» EXERCISE OBJECTIVE:
A bare count is the expected answer, namely the number of lines in the records that have the word "first".

Extracted records
(* Let $G$ be a finite abelian group and let $\rho\ge4$ be an integer. Then $s_\rho(G)\le\frac{2}{\rho+1}|G|$, with equality if and only if $G$ has a subgroup $H$ such that $G/H$ is cyclic of order $\rho+1$. Moreover, for a subset $A\subseteq G$ the following are equivalent: (i) $A$ is a generating set for $G$ with $\operatorname{diam}^+_A(G)\ge\rho$ and $|A|=\frac{2}{\rho+1}|G|$; (ii) $A=H\cup(g+H)$, where $H$ is a subgroup of $G$ such that $G/H$ is cyclic of order $\rho+1$, and $g\in G$ is such that $g+H$ generates $G/H$.
   Context: Groups are written additively. For $A\subseteq G$ let $A_0:=A\cup\{0\}$ and $\langle A\rangle^+_\rho:=\rho A_0=\{a_1+\dots+a_\rho:a_i\in A_0\}$. $\operatorname{diam}^+_A(G):=\min\{\rho\in\mathbb{N}_0:\langle A\rangle^+_\rho=G\}$ ($\min\varnothing=\infty$). With the convention $\max\varnothing=0$: $s_\rho(G):=\max\{|A|: A\subseteq G,\ \rho\le\operatorname{diam}^+_A(G)<\infty\}$. *)

(* The finite abelian group G is a {group gT} with [abelian G];
   the paper's additive notation becomes multiplicative (0 ~ 1, a+b ~ a*b). *)
From mathcomp Require Import all_boot all_order all_fingroup all_solvable.
From Stdlib Require Import ClassicalEpsilon.
Set Implicit Arguments. Unset Strict Implicit. Unset Printing Implicit Defensive.
Local Open Scope group_scope.

Definition A0 (gT : finGroupType) (A : {set gT}) : {set gT} := 1 |: A.

Fixpoint sumset (gT : finGroupType) (rho : nat) (A : {set gT}) : {set gT} :=
  match rho with
  | 0 => [set 1]
  | r.+1 => sumset r A * A0 A
  end.

(* rho <= diam^+_A(G) < oo  (diam = min of the set of r with rA_0 = G) *)
Definition diam_ge_fin (gT : finGroupType) (G : {set gT}) (A : {set gT}) (rho : nat) : Prop :=
  (exists r, sumset r A = G) /\ (forall r, sumset r A = G -> rho <= r).

Definition pbool (P : Prop) : bool :=
  if excluded_middle_informative P then true else false.

(* s_rho(G) := max { |A| : A ⊆ G, rho <= diam^+_A(G) < oo }, max ∅ = 0 *)
Definition s_rho (gT : finGroupType) (G : {set gT}) (rho : nat) : nat :=
  \max_(A : {set gT} | (A \subset G) && pbool (diam_ge_fin G A rho)) #|A|.

(* Hamidoune's isoperimetric method, with B := A_0.  Among the nonempty
   X \subset G with X + B <> G, those minimising |X + B| - |X| and then |X|
   (the atoms) are either equal or disjoint, and translates of atoms are atoms,
   so the atom containing 0 is a subgroup H.  If diam_A(G) >= rho, the sumsets
   B, 2B, ..., (rho-2)B each grow by at least k := |H + B| - |H|, while
   (rho-2)B misses a translate of -B; hence 2|B| + (rho-3)k <= |G|.  As B
   generates G it is not contained in H, so |H + B| >= 2|H| and
   k >= |H + B|/2 >= |B|/2, which gives (rho+1)|B| <= 2|G|.  Equality forces
   |H + B| = |B| = 2|H|, i.e. B = H u (g + H), and then g + H generates G/H,
   of order rho+1.  Conversely, for such H and g the image of rA_0 in G/H is
   {0, g, ..., rg}, so the diameter is exactly rho. *)

From mathcomp Require Import all_boot all_order all_fingroup all_solvable zify.
From Stdlib Require Import ClassicalEpsilon.
Set Implicit Arguments. Unset Strict Implicit. Unset Printing Implicit Defensive.
Local Open Scope group_scope.

(* Cardinals [#|X|] of the same set may carry syntactically different (but
   convertible) finType instances, which [lia] would treat as distinct atoms. *)
Ltac set_cards :=
  repeat match goal with
  | |- context [@card ?T ?X] => let n := fresh "n" in set n := @card T X; clearbody n
  end.

Section Sumset.
Variables (gT : finGroupType) (A : {set gT}).
Implicit Types (G : {group gT}) (r s : nat).

Lemma mem_A0_1 : 1 \in A0 A.
Proof. exact: setU11. Qed.

Lemma subset_A0 : A \subset A0 A.
Proof. exact: subsetUr. Qed.

Lemma sumset1 : sumset 1 A = A0 A.
Proof. by rewrite /= -set1gE mul1g. Qed.

Lemma sumsetD r s : sumset (r + s) A = sumset r A * sumset s A.
Proof.
elim: s => [|s IHs]; first by rewrite addn0 /= -set1gE mulg1.
by rewrite addnS /= IHs mulgA.
Qed.

Lemma mem_sumset_1 r : 1 \in sumset r A.
Proof.
elim: r => [|r IHr] /=; first exact: set11.
by rewrite -(mulg1 1) mem_mulg ?mem_A0_1.
Qed.

Lemma sumset_leq r s : r <= s -> sumset r A \subset sumset s A.
Proof.
move/subnKC <-; rewrite sumsetD.
exact: mulg_subl (mem_sumset_1 _).
Qed.

Lemma sumset_subG G r : A \subset G -> sumset r A \subset G.
Proof.
move=> sAG; elim: r => [|r IHr] /=; first by rewrite sub1set group1.
by rewrite mul_subG // subUset sub1G.
Qed.

Lemma sumset_neq_leq G r s :
  A \subset G -> r <= s -> sumset s A != G -> sumset r A != G.
Proof.
move=> sAG le_rs; apply: contra => /eqP SrG.
by rewrite eqEsubset sumset_subG //= -{1}SrG sumset_leq.
Qed.

Lemma sumset_eq_gen G r : A \subset G -> sumset r A = G -> <<A>> = G.
Proof.
move=> sAG SrG; apply/eqP; rewrite eqEsubset gen_subG sAG /= -{1}SrG.
exact/sumset_subG/subset_gen.
Qed.

(* The increasing chain of sumsets must stall within #|<<A>>| steps, and a
   stalled sumset is closed under products. *)
Lemma sumset_gen : exists r, sumset r A = <<A>>.
Proof.
pose n := #|<<A>>|.
have [r Sr_stable] : exists r, sumset r.+1 A = sumset r A.
  case: (pickP (fun i : 'I_n.+1 => sumset i.+1 A == sumset i A)) => [i /eqP|none].
    by exists i.
  have grow i : i <= n -> i < #|sumset i A|.
    elim: i => [|i IHi] le_in.
      by rewrite card_gt0; apply/set0Pn; exists 1; apply: mem_sumset_1.
    apply: leq_ltn_trans (IHi (ltnW le_in)) (proper_card _).
    by rewrite properEneq sumset_leq // andbT eq_sym (none (@Ordinal n.+1 i (ltnW le_in))).
  have := grow n (leqnn n).
  by rewrite ltnNge subset_leq_card // sumset_subG // subset_gen.
have Sr_absorbs s : sumset (r + s) A = sumset r A.
  elim: s => [|s IHs]; first by rewrite addn0.
  by rewrite addnS /= IHs; exact: Sr_stable.
have Sr_group : group_set (sumset r A).
  apply/group_setP; split=> [|x y Sx Sy]; first exact: mem_sumset_1.
  by rewrite -(Sr_absorbs r) sumsetD mem_mulg.
exists r; apply/eqP; rewrite eqEsubset sumset_subG ?subset_gen //=.
rewrite (gen_subG A (Group Sr_group)) /= -Sr_stable.
by apply: subset_trans subset_A0 _; rewrite -sumset1 sumset_leq.
Qed.

Lemma A0_subG G : A \subset G -> A0 A \subset G.
Proof. by move=> sAG; rewrite subUset sub1G. Qed.

(* If x is missed by sumset r.+1 A, the translate x (A0 A)^-1 avoids sumset r A. *)
Lemma card_sumset_A0 G r :
  A \subset G -> sumset r.+1 A != G -> #|sumset r A| + #|A0 A| <= #|G|.
Proof.
move=> sAG; rewrite eqEsubset sumset_subG //= => /subsetPn[x Gx notSx].
have disj : sumset r A :&: x *: (A0 A)^-1 = set0.
  apply/setP => y; rewrite in_setI in_set0; apply/andP => -[Sy /lcosetP[b A0b def_y]].
  have A0b1 : b^-1 \in A0 A by rewrite -mem_invg.
  case/negP: notSx; have -> : x = y * b^-1 by rewrite def_y mulgK.
  exact: mem_mulg.
have := cardsUI (sumset r A) (x *: (A0 A)^-1).
rewrite disj cards0 addn0 card_lcoset card_invg => <-.
rewrite subset_leq_card // subUset sumset_subG //= -(lcoset_id Gx) lcosetS.
by rewrite -invGid invSg A0_subG.
Qed.

Lemma sumset_A0 r : sumset r (A0 A) = sumset r A.
Proof. by elim: r => //= r ->; rewrite /A0 setUA setUid. Qed.

Lemma gen_A0 : <<A0 A>> = <<A>>.
Proof.
apply/eqP; rewrite eqEsubset (genS subset_A0) andbT gen_subG.
by rewrite subUset sub1G subset_gen.
Qed.

End Sumset.

Lemma sumset_set1_sub (gT : finGroupType) (x : gT) r :
  sumset r [set x] \subset [set x ^+ i | i : 'I_r.+1].
Proof.
elim: r => [|r IHr] /=; first by rewrite sub1set; apply/imsetP; exists ord0.
apply/subsetP => _ /mulsgP[y b /(subsetP IHr)/imsetP[i _ ->] A0b ->].
move: A0b; rewrite !inE => /orP[/eqP->|/eqP->].
  by rewrite mulg1; apply/imsetP; exists (widen_ord (leqnSn _) i).
by rewrite -expgSr; apply/imsetP; exists (lift ord0 i).
Qed.

Lemma mem_sumset_set1 (gT : finGroupType) (x : gT) r i :
  i <= r -> x ^+ i \in sumset r [set x].
Proof.
elim: r i => [|r IHr] [|i] // le_ir; rewrite ?expg0 ?mem_sumset_1 //.
by rewrite expgSr mem_mulg ?IHr // !inE eqxx orbT.
Qed.

Lemma quotient_sumset (gT : finGroupType) (H : {group gT}) (A : {set gT}) r :
  A \subset 'N(H) -> sumset r A / H = sumset r (A / H).
Proof.
move=> nHA; elim: r => [|r IHr] /=; first by rewrite -set1gE quotient1.
rewrite quotientMr; last by rewrite subUset sub1set group1.
by rewrite IHr /A0 quotientU -set1gE quotient1.
Qed.

Lemma card_mul_setUI (gT : finGroupType) (X Y B : {set gT}) :
  #|(X :|: Y) * B| + #|(X :&: Y) * B| <= #|X * B| + #|Y * B|.
Proof.
rewrite mulUg -(cardsUI (X * B)) leq_add2l subset_leq_card //.
by rewrite subsetI !mulSg ?subsetIl ?subsetIr.
Qed.

Section Atoms.
Variables (gT : finGroupType) (G : {group gT}) (B : {set gT}).
Hypotheses (cGG : abelian G) (sBG : B \subset G) (B1 : 1 \in B).
Implicit Types X Y : {set gT}.

Definition fragment X := [&& X \subset G, X != set0 & X * B != G].

Definition boundary X := #|X * B| - #|X|.

Definition atom X :=
  [/\ fragment X, forall Y, fragment Y -> boundary X <= boundary Y
    & forall Y, fragment Y -> boundary Y = boundary X -> #|X| <= #|Y|].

» RESPONSE TO THIS TASK:
7